• [ACTION ITEM] Copy every line from the records that holds the word "dense".

········

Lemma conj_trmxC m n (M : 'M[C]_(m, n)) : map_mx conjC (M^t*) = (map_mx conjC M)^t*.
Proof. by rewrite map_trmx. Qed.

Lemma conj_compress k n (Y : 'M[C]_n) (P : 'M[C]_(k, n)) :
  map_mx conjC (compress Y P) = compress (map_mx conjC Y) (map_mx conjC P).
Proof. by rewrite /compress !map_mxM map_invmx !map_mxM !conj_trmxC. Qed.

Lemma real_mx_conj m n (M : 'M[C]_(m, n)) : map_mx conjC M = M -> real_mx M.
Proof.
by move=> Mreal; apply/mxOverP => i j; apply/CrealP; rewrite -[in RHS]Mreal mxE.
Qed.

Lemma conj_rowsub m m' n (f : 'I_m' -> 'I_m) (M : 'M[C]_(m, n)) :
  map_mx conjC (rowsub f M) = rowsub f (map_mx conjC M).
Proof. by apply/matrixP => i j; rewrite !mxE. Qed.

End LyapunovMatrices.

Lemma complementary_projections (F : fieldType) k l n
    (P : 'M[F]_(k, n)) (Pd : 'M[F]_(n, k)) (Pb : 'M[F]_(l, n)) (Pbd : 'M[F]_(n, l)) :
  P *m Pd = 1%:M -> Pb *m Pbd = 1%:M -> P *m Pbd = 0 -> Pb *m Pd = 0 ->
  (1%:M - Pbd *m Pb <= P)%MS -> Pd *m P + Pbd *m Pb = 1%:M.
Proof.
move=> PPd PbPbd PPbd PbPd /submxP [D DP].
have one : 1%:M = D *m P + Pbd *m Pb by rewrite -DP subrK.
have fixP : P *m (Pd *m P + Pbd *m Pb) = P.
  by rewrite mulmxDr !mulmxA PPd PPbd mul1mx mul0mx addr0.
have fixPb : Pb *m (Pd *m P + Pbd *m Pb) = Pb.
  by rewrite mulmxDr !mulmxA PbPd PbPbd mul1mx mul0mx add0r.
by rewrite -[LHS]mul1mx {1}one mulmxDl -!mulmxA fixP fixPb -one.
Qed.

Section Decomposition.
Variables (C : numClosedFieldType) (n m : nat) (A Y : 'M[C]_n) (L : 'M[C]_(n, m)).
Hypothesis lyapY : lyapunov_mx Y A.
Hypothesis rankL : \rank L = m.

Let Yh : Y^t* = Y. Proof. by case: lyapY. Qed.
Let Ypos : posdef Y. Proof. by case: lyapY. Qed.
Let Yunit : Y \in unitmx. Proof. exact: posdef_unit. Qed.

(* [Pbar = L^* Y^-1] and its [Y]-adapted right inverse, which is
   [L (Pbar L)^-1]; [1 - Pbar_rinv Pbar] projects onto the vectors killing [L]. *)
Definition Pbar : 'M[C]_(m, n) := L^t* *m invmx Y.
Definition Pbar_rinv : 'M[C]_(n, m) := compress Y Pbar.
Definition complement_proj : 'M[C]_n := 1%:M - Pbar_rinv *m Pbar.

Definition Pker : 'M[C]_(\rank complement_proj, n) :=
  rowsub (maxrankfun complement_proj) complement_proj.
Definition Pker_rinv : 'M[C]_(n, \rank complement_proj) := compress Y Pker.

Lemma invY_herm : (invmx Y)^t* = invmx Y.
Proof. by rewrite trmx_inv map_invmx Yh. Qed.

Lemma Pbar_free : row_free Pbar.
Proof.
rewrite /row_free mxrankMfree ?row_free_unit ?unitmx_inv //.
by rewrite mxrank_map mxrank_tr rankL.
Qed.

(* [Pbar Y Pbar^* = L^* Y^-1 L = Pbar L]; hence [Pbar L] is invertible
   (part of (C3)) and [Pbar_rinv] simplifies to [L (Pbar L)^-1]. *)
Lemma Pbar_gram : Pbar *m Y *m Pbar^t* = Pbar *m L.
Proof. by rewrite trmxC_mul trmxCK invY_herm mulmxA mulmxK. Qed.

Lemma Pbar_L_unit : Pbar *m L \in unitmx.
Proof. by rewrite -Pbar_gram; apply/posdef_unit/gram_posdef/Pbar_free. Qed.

········

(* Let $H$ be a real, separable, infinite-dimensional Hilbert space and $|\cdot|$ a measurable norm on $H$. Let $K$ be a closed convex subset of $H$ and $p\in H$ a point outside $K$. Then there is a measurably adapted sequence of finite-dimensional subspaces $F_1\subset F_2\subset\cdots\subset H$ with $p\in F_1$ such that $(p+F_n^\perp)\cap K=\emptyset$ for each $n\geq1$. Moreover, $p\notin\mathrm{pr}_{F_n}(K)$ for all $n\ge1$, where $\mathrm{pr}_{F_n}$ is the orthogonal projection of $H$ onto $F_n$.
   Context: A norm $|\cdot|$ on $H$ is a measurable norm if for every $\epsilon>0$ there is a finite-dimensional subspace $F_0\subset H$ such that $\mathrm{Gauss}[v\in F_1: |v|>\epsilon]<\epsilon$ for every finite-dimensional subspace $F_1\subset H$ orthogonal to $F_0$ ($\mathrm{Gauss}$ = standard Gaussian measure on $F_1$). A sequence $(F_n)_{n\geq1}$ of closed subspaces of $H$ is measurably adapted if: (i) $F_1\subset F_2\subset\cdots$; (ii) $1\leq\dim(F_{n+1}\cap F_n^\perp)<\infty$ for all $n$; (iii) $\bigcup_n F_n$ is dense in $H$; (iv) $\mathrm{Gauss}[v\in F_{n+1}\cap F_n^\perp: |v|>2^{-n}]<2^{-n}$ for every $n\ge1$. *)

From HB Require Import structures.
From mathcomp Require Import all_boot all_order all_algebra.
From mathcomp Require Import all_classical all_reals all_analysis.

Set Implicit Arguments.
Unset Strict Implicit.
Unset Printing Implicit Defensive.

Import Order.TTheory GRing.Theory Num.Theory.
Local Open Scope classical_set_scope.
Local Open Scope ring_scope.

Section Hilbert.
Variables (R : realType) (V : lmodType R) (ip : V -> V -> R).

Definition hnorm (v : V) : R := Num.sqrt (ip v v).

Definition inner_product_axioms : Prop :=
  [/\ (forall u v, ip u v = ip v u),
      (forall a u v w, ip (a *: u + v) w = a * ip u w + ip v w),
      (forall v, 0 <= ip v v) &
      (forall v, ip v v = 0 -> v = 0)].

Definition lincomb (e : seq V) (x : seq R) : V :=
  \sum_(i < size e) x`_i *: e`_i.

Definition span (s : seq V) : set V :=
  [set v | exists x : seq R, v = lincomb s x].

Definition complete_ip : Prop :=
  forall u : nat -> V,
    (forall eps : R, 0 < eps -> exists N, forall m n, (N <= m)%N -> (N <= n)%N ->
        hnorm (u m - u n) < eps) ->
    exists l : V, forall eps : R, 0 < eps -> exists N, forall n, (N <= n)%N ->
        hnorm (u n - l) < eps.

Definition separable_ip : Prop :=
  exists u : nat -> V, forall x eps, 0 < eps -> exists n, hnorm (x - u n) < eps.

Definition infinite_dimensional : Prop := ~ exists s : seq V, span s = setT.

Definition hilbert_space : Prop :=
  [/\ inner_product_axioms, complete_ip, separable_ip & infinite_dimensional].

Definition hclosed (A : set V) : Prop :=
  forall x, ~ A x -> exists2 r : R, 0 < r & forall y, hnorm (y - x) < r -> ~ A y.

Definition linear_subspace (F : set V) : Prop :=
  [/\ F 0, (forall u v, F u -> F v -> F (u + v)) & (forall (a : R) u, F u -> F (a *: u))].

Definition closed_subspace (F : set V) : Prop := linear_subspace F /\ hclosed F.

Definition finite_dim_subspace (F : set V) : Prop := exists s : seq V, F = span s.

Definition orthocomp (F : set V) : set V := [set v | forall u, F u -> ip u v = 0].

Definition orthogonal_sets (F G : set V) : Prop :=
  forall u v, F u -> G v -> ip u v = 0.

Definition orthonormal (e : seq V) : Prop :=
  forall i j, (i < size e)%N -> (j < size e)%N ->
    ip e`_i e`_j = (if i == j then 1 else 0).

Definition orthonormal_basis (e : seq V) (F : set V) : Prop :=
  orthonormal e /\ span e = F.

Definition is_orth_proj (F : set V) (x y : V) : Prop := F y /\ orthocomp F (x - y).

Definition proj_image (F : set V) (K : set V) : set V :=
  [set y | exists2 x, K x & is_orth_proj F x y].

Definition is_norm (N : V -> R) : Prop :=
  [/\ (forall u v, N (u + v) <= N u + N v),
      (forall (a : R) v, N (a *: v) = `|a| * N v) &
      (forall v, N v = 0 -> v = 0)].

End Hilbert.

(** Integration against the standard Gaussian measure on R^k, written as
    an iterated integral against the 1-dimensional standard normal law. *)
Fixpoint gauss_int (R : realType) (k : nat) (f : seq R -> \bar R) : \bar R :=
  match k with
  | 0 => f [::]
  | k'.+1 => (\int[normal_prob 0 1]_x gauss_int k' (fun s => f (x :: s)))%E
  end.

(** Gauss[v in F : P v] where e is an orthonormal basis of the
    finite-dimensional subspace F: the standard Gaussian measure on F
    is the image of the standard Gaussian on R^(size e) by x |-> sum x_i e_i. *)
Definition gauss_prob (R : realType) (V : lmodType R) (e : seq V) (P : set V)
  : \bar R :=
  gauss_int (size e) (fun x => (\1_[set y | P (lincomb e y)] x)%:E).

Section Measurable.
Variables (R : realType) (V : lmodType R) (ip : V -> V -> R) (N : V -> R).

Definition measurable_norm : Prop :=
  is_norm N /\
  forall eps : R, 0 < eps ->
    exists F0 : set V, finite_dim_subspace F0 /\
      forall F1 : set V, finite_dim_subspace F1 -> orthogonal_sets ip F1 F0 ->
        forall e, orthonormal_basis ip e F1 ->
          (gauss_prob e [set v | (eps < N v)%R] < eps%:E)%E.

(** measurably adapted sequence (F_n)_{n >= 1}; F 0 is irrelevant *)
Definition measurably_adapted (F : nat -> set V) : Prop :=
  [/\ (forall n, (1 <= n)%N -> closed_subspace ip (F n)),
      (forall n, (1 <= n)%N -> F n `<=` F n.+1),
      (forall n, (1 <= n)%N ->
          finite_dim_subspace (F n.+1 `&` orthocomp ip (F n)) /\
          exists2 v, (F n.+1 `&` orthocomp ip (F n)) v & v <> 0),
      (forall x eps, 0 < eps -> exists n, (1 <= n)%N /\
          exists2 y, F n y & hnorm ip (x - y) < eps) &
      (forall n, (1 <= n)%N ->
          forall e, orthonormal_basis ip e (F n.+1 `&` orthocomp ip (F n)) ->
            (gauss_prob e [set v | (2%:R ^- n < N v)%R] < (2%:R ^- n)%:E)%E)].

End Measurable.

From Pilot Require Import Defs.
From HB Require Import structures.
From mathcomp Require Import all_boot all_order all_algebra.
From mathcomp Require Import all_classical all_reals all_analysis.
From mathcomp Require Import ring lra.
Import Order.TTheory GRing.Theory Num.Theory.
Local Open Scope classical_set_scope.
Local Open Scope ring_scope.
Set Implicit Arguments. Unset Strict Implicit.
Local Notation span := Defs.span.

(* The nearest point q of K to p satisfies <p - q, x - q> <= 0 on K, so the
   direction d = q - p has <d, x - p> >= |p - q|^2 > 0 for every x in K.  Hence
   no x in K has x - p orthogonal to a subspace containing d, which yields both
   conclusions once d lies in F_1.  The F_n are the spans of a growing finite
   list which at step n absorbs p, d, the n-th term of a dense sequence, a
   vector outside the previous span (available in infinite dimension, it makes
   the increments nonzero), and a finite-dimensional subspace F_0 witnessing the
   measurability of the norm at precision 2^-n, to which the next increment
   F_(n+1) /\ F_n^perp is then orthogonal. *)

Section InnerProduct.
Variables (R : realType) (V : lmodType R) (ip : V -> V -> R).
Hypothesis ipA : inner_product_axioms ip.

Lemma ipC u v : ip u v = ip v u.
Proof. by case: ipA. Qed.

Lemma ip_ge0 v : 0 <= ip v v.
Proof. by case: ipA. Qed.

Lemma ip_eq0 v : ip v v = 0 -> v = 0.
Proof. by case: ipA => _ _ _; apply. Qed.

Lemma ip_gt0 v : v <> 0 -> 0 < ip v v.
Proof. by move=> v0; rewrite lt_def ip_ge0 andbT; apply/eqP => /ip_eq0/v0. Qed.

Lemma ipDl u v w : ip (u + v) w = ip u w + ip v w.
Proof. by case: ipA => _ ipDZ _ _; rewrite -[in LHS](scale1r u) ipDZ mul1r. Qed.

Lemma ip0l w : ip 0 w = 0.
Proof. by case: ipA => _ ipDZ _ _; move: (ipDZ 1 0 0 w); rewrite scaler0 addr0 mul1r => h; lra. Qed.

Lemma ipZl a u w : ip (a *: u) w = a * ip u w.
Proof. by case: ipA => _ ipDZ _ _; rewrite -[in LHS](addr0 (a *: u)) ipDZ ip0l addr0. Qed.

········

• [EXERCISE RESULT]
   Context: A norm $|\cdot|$ on $H$ is a measurable norm if for every $\epsilon>0$ there is a finite-dimensional subspace $F_0\subset H$ such that $\mathrm{Gauss}[v\in F_1: |v|>\epsilon]<\epsilon$ for every finite-dimensional subspace $F_1\subset H$ orthogonal to $F_0$ ($\mathrm{Gauss}$ = standard Gaussian measure on $F_1$). A sequence $(F_n)_{n\geq1}$ of closed subspaces of $H$ is measurably adapted if: (i) $F_1\subset F_2\subset\cdots$; (ii) $1\leq\dim(F_{n+1}\cap F_n^\perp)<\infty$ for all $n$; (iii) $\bigcup_n F_n$ is dense in $H$; (iv) $\mathrm{Gauss}[v\in F_{n+1}\cap F_n^\perp: |v|>2^{-n}]<2^{-n}$ for every $n\ge1$. *)
   list which at step n absorbs p, d, the n-th term of a dense sequence, a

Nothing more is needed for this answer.